После последнего soirée такого сорта я написал Синтии совершенно безобидное и в целом добродушное послание, в котором позволил себе нечто вроде латинской сатиры в адрес некоторых гостей. А также извинился за то, что не притронулся к ее виски, объяснив, что как француз я лозы предпочитаю злакам.
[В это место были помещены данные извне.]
(* In the free-group setting described in the context, the extension $\pi_Y\circ\pi_f:X_f\to Y$ is point-distal.
   Context: Let $r\ge2$ and $\Gamma=F_r$ free on $S=\{a,b,a_3,\dots,a_r\}$. $Y$ is the Gromov boundary (infinite reduced words in $S\cup S^{-1}$, $\Gamma$ acting by concatenation and cancellation). For nontrivial $s\in\Gamma$, $y\in Y$ starts with $s$ if $y=sy'$ with the last letter of $s$ not inverse to the first letter of $y'$; $V_s$ is the set of such $y$; $a^\infty$ is the constant word $a$. Let $\{\Gamma_n\}$ be strictly decreasing finite-index normal subgroups with trivial intersection, $Z=\varprojlim\Gamma/\Gamma_n$ with left translation, $\pi_n:Z\to\Gamma/\Gamma_n$, $X=Y\times Z$ with product action, $\pi_Y:X\to Y$ the projection. For $n\ge2$ choose $\gamma_n\in\Gamma_{n-1}\setminus\Gamma_n$; $u_n=a^nba^{-n}b^{-1}$, $D_n=V_{u_n}$, $C_n=\pi_n^{-1}(\gamma_n\Gamma_n)$, $X_+=\bigcup_{n\ge2}D_n\times C_n$, $X_-=X\setminus(X_+\cup\{(a^\infty,e_\Gamma)\})$, $f=\pm1$ on $X_\pm$. $\pi_f:X_f\to X$ is the McMahon extension: the (unique up to conjugacy) minimal continuous action on a compact metrizable space with equivariant continuous surjection whose fibers are single points off $\Gamma(a^\infty,e_\Gamma)$ and two points on it, such that $f\circ\pi_f$ extends continuously to $X_f$. An extension $\pi:\tilde X\to Y$ is point-distal if there is $x\in\tilde X$ with dense orbit such that for every $x'\ne x$ with $\pi(x')=\pi(x)$ the orbit closure of $(x,x')$ in $\tilde X^2$ misses the diagonal. *)

From HB Require Import structures.
From mathcomp Require Import all_boot all_order all_algebra.
From mathcomp Require Import all_classical all_reals topology normedtype.
Set Implicit Arguments. Unset Strict Implicit. Unset Printing Implicit Defensive.
Import Order.TTheory GRing.Theory Num.Theory.
Import numFieldNormedType.Exports.

(* Free group F_r with r = m.+2 generators (so r >= 2 for every m).         *)
(* A letter is (generator index, sign): (i,true) = a_i, (i,false) = a_i^-1. *)
Definition letter (m : nat) := ('I_m.+2 * bool)%type.
Definition linv {m} (x : letter m) : letter m := (x.1, ~~ x.2).
Definition word (m : nat) := seq (letter m).

(* reduced words = elements of Gamma *)
Definition reducedw {m} (w : word m) : bool :=
  if w is x :: w' then path (fun x y => y != linv x) x w' else true.

Definition cons_red {m} (x : letter m) (w : word m) : word m :=
  if w is y :: w' then (if y == linv x then w' else x :: w) else [:: x].
Definition red {m} (w : word m) : word m := foldr cons_red [::] w.
Definition mul {m} (u v : word m) : word m := red (u ++ v).
Definition winv {m} (u : word m) : word m := rev (map linv u).

Definition ga {m} : letter m := (ord0, true).
Definition gb {m} : letter m := (lift ord0 ord0, true).

Definition uw {m} (n : nat) : word m :=
  nseq n ga ++ [:: gb] ++ nseq n (linv ga) ++ [:: linv gb].

(* Gromov boundary Y: infinite reduced words *)
Definition isY {m} (y : nat -> letter m) : Prop := forall k, y k.+1 != linv (y k).

(* number of cancellations between the reversed word l and the infinite word y *)
Fixpoint ncancel {m} (l : word m) (y : nat -> letter m) : nat :=
  if l is x :: l' then
    (if y 0%N == linv x then (ncancel l' (fun n => y n.+1)).+1 else 0%N)
  else 0%N.

(* action of a reduced word g on Y by concatenation and cancellation *)
Definition actY {m} (g : word m) (y : nat -> letter m) : nat -> letter m :=
  let k := ncancel (rev g) y in
  let p := (size g - k)%N in
  fun n => if (n < p)%N then nth (y 0%N) g n else y (n - p + k)%N.

(* y starts with s (for y in Y, the non-cancellation condition is automatic) *)
Definition startsY {m} (s : word m) (y : nat -> letter m) : Prop :=
  forall k, (k < size s)%N -> y k = nth (y 0%N) s k.

(* Family {Gamma_n}_{n>=1} of strictly decreasing finite-index normal subgroups
   with trivial intersection (membership only matters on reduced words;
   the value at n = 0 is ignored). *)
Definition good_family {m} (G : nat -> word m -> Prop) : Prop :=
  [/\ forall n, (1 <= n)%N ->
        [/\ G n [::],
            forall u v, reducedw u -> reducedw v -> G n u -> G n v -> G n (mul u v),
            forall u, reducedw u -> G n u -> G n (winv u),
            forall g u, reducedw g -> reducedw u -> G n u -> G n (mul (mul g u) (winv g))
          & exists s : seq (word m), forall g, reducedw g ->
              exists2 t, t \in s & reducedw t /\ G n (mul (winv t) g)],
      forall n, (1 <= n)%N ->
        (forall u, reducedw u -> G n.+1 u -> G n u) /\
        (exists u, [/\ reducedw u, G n u & ~ G n.+1 u])
    & forall u, reducedw u -> (forall n, (1 <= n)%N -> G n u) -> u = [::]].

Definition ceq {m} (G : nat -> word m -> Prop) (n : nat) (u v : word m) : Prop :=
  G n (mul (winv u) v).

(* Z = inverse limit of Gamma/Gamma_n, points represented by sequences of
   coset representatives z n (n >= 1), compatible: z_{n+1} Gamma_{n+1} ⊆ z_n Gamma_n *)
Definition isZ {m} (G : nat -> word m -> Prop) (z : nat -> word m) : Prop :=
  (forall n, reducedw (z n)) /\ (forall n, (1 <= n)%N -> ceq G n (z n) (z n.+1)).

Definition ptX (m : nat) := ((nat -> letter m) * (nat -> word m))%type.

Definition isX {m} (G : nat -> word m -> Prop) (x : ptX m) : Prop :=
  isY x.1 /\ isZ G x.2.

Definition xeq {m} (G : nat -> word m -> Prop) (x x' : ptX m) : Prop :=
  (forall k, x.1 k = x'.1 k) /\ (forall n, (1 <= n)%N -> ceq G n (x.2 n) (x'.2 n)).

Definition actX {m} (g : word m) (x : ptX m) : ptX m :=
  (actY g x.1, fun n => mul g (x.2 n)).

Definition x0 {m} : ptX m := (fun _ => ga, fun _ => [::]).

Definition in_orbit0 {m} (G : nat -> word m -> Prop) (x : ptX m) : Prop :=
  exists g, reducedw g /\ xeq G x (actX g x0).

(* basic neighbourhoods of X: agree on the first N letters of Y and on
   levels 1..N of Z *)
Definition agreeX {m} (G : nat -> word m -> Prop) (N : nat) (x x' : ptX m) : Prop :=
  (forall k, (k < N)%N -> x.1 k = x'.1 k) /\
  (forall n, (1 <= n <= N)%N -> ceq G n (x.2 n) (x'.2 n)).

(* X_+ = union_{n>=2} D_n x C_n, C_n = pi_n^{-1}(gamma_n Gamma_n) *)
Definition inXplus {m} (G : nat -> word m -> Prop) (gam : nat -> word m) (x : ptX m) : Prop :=
  exists n, [/\ (2 <= n)%N, startsY (uw n) x.1 & ceq G n (gam n) (x.2 n)].

Local Open Scope classical_set_scope.

Definition cont_action {m} (T : topologicalType) (act : word m -> T -> T) : Prop :=
  [/\ forall t, act [::] t = t,
      forall g h t, reducedw g -> reducedw h -> act (mul g h) t = act g (act h t)
    & forall g, reducedw g -> continuous (act g)].

Definition orbit {m} (T : Type) (act : word m -> T -> T) (t : T) : set T :=
  [set s | exists g, reducedw g /\ s = act g t].

Definition minimal_action {m} (T : topologicalType) (act : word m -> T -> T) : Prop :=
  forall t, closure (orbit act t) = setT.

(* McMahon extension pi_f : X_f -> X (characterizing properties) *)
Definition mcmahon {m} (G : nat -> word m -> Prop) (gam : nat -> word m)
  (R : realType) (T : pseudoMetricType R) (act : word m -> T -> T)
  (pif : T -> ptX m) : Prop :=
  [/\ [/\ hausdorff_space T, compact [set: T],
      cont_action act & minimal_action act],
      (forall t, isX G (pif t))
      /\ (forall g t, reducedw g -> xeq G (pif (act g t)) (actX g (pif t)))
      /\ (forall t N, \forall t' \near t, agreeX G N (pif t) (pif t'))
      /\ (forall x, isX G x -> exists t, xeq G (pif t) x),
      (forall x, isX G x -> ~ in_orbit0 G x ->
         forall t t', xeq G (pif t) x -> xeq G (pif t') x -> t = t')
      /\ (forall x, isX G x -> in_orbit0 G x ->
         exists t1 t2, [/\ t1 <> t2, xeq G (pif t1) x, xeq G (pif t2) x &
                        forall t, xeq G (pif t) x -> t = t1 \/ t = t2])
    & (* f o pi_f extends continuously to X_f *)
      exists F : T -> R, continuous F /\
        forall t, ~ xeq G (pif t) x0 ->
          (inXplus G gam (pif t) -> F t = 1%R) /\
          (~ inXplus G gam (pif t) -> F t = (-1)%R)].

Definition point_distal {m} (T : topologicalType) (act : word m -> T -> T)
  (p : T -> nat -> letter m) : Prop :=
  exists x, closure (orbit act x) = setT /\
    forall x', x' <> x -> (forall k, p x' k = p x k) ->
      forall z, ~ closure [set st | exists g, reducedw g /\ st = (act g x, act g x')] (z, z).

From Pilot Require Import Defs.
From HB Require Import structures.
From mathcomp Require Import all_boot all_order all_algebra.
From mathcomp Require Import all_classical all_reals topology normedtype.
Set Implicit Arguments. Unset Strict Implicit. Unset Printing Implicit Defensive.

(* Choose x in X_f above (b^oo, e), a point of X off the orbit of (a^oo, e), so
   that x is the only point of its pi_f-fibre.  Gamma acts on each finite
   quotient Gamma/Gamma_n by permutations, so Z is distal: if (x, x') is
   proximal, then pi_f x and pi_f x' have the same Z-coordinate.  When x and x'
   also have the same Y-coordinate, they lie in the same pi_f-fibre, so x' = x. *)

Local Notation wmul := Defs.mul.

Section FreeGroup.
Variable m : nat.
Implicit Types (x : letter m) (u v w g : word m).

Lemma linvK : involutive (@linv m).
Proof. by case=> i s; rewrite /linv /= negbK. Qed.

Lemma reducedw_cons x w :
  reducedw (x :: w) = reducedw w && (if w is y :: _ then y != linv x else true).
Proof. by case: w => [|y w] //=; rewrite andbC. Qed.

Lemma reducedw_cons_red x w : reducedw w -> reducedw (cons_red x w).
Proof.
case: w => [|y w] // w_red /=; case: ifP => y_x; last by rewrite reducedw_cons w_red y_x.
by move: w_red; rewrite reducedw_cons => /andP[].
Qed.

Lemma reducedw_foldr w u : reducedw w -> reducedw (foldr cons_red w u).
Proof. by move=> w_red; elim: u => //= x u IH; apply: reducedw_cons_red. Qed.

Lemma reducedw_red w : reducedw (red w).
Proof. exact: reducedw_foldr. Qed.

Lemma reducedw_mul u v : reducedw (wmul u v).
Proof. exact: reducedw_red. Qed.

Lemma reducedw_winv u : reducedw u -> reducedw (winv u).
Proof.
have sortedE w : reducedw w = sorted (fun x y => y != linv x) w by case: w.
rewrite !sortedE /winv rev_sorted sorted_map.
by case: u => //= x u; rewrite (@eq_path _ _ (fun x y => y != linv x)) // => y z;
  rewrite /relpre /= linvK eq_sym.
Qed.

Lemma cons_redK x w : reducedw w -> cons_red (linv x) (cons_red x w) = w.
Proof.
case: w => [|y w] /=; first by rewrite linvK eqxx.
case: ifP => [/eqP ->|_ _]; last by rewrite /= linvK eqxx.
by case: w => [|z w] //= /andP[]; rewrite linvK => /negbTE->.
Qed.

Lemma red_id w : reducedw w -> red w = w.
Proof.
elim: w => // x w IH; rewrite reducedw_cons => /andP[w_red w_x] /=.
by rewrite IH //; case: w w_x {IH w_red} => //= y w /negbTE->.
Qed.

Lemma red_cat u v : red (u ++ v) = foldr cons_red (red v) u.
Proof. by rewrite /red foldr_cat. Qed.

Lemma foldr_cons_red w x u : reducedw w ->
  foldr cons_red w (cons_red x u) = cons_red x (foldr cons_red w u).
Proof.
move=> w_red; case: u => [|y u] //=; case: ifP => [/eqP ->|] //.
by rewrite -{1}[x]linvK cons_redK // reducedw_foldr.
Qed.

Lemma foldr_red w u : reducedw w -> foldr cons_red w (red u) = foldr cons_red w u.
Proof. by move=> w_red; elim: u => //= x u IH; rewrite foldr_cons_red // IH. Qed.

Lemma mulA u v w : wmul (wmul u v) w = wmul u (wmul v w).
Proof.
rewrite /Defs.mul [LHS]red_cat foldr_red ?reducedw_red //.
by rewrite red_cat (red_id (reducedw_red _)) red_cat foldr_cat.
Qed.

Lemma mul1w u : reducedw u -> wmul [::] u = u.
Proof. exact: red_id. Qed.

Lemma mulw1 u : reducedw u -> wmul u [::] = u.
Proof. by move=> u_red; rewrite /Defs.mul cats0 red_id. Qed.

Lemma mulVw u : wmul (winv u) u = [::].
Proof.
rewrite /Defs.mul red_cat; elim: u => //= x u IH.
rewrite /winv /= rev_cons -cats1 foldr_cat /= cons_redK ?reducedw_foldr //.
Qed.

Lemma winvK : involutive (@winv m).
Proof. by move=> u; rewrite /winv map_rev revK -map_comp (eq_map linvK) map_id. Qed.

Lemma mulwV u : wmul u (winv u) = [::].
Proof. by rewrite -{1}[u]winvK mulVw. Qed.

Lemma winv_unique u v : reducedw u -> reducedw v -> wmul u v = [::] -> winv u = v.
Proof.
move=> u_red v_red uv1.
by rewrite -(mul1w v_red) -(mulVw u) mulA uv1 mulw1 // reducedw_winv.
Qed.

Lemma winv_ldiv u v : reducedw u -> reducedw v ->
  winv (wmul (winv u) v) = wmul (winv v) u.
Proof.
move=> u_red v_red; apply: winv_unique; rewrite ?reducedw_mul //.
by rewrite mulA -(mulA v) mulwV mul1w // mulVw.
Qed.

Lemma mul_ldiv u v w : reducedw w ->
  wmul (wmul (winv u) v) (wmul (winv v) w) = wmul (winv u) w.
Proof. by move=> w_red; rewrite mulA -(mulA v) mulwV mul1w. Qed.

Lemma ldiv_mul2l g u v : reducedw u ->
  wmul (winv (wmul g u)) (wmul g v) = wmul (winv u) v.
Proof.
move=> u_red; rewrite -mulA; congr wmul; set k := winv (wmul g u).
rewrite -[wmul k g]mulw1 ?reducedw_mul // -(mulwV u) -mulA (mulA k) mulVw.
by rewrite mul1w // reducedw_winv.
Qed.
Несколько дней спустя я столкнулся с ней на ступенях Публичной библиотеки, открывающей в лучах неверного солнца под внезапным грибным дождем свой янтарный зонт, с книгами под мышкой (от которых я ее на минуту освободил): «На границе иного мира» Роберта Дейла Оуэна и что-то о «Спиритизме и христианстве», и вдруг без всякого повода с моей стороны она накинулась на меня с вульгарным неистовством, пуская в ход ядовитые словечки, выкрикивая сквозь грушевидные капли редкого дождя, что я ханжа и сноб; что вижу я только жесты и маски людей; что Коркоран спас двух утопающих в двух разных океанах, двух человек, по нелепому совпадению тоже носящих фамилию Коркоран; что у резвящейся и визжащей Джоанны Уинтер маленькая дочь обречена на полную утрату зрения в ближайшее время; что дама в зеленом с веснушчатой грудью, дама, которую я обидел невзначай, сочинила всеамериканский бестселлер в 1932 году. Чудачка Синтия! Мне говорили, что она способна на чудовищную грубость с людьми, которые ей дороги и близки; следовало, однако, подвести черту, и поскольку я к тому времени сполна изучил все ее вычурные ауры и прочие мании и приманки, то решил прекратить наши встречи.
В тот вечер, когда З. сказал мне о смерти Синтии, я возвращался после одиннадцати в двухэтажный коттедж, который делил по горизонтали с вдовой почетного профессора. Подойдя к крыльцу, я взглянул с чувством тревожного одиночества на две разновидности тьмы в двух рядах окон: мрак отсутствия и сумрак сна.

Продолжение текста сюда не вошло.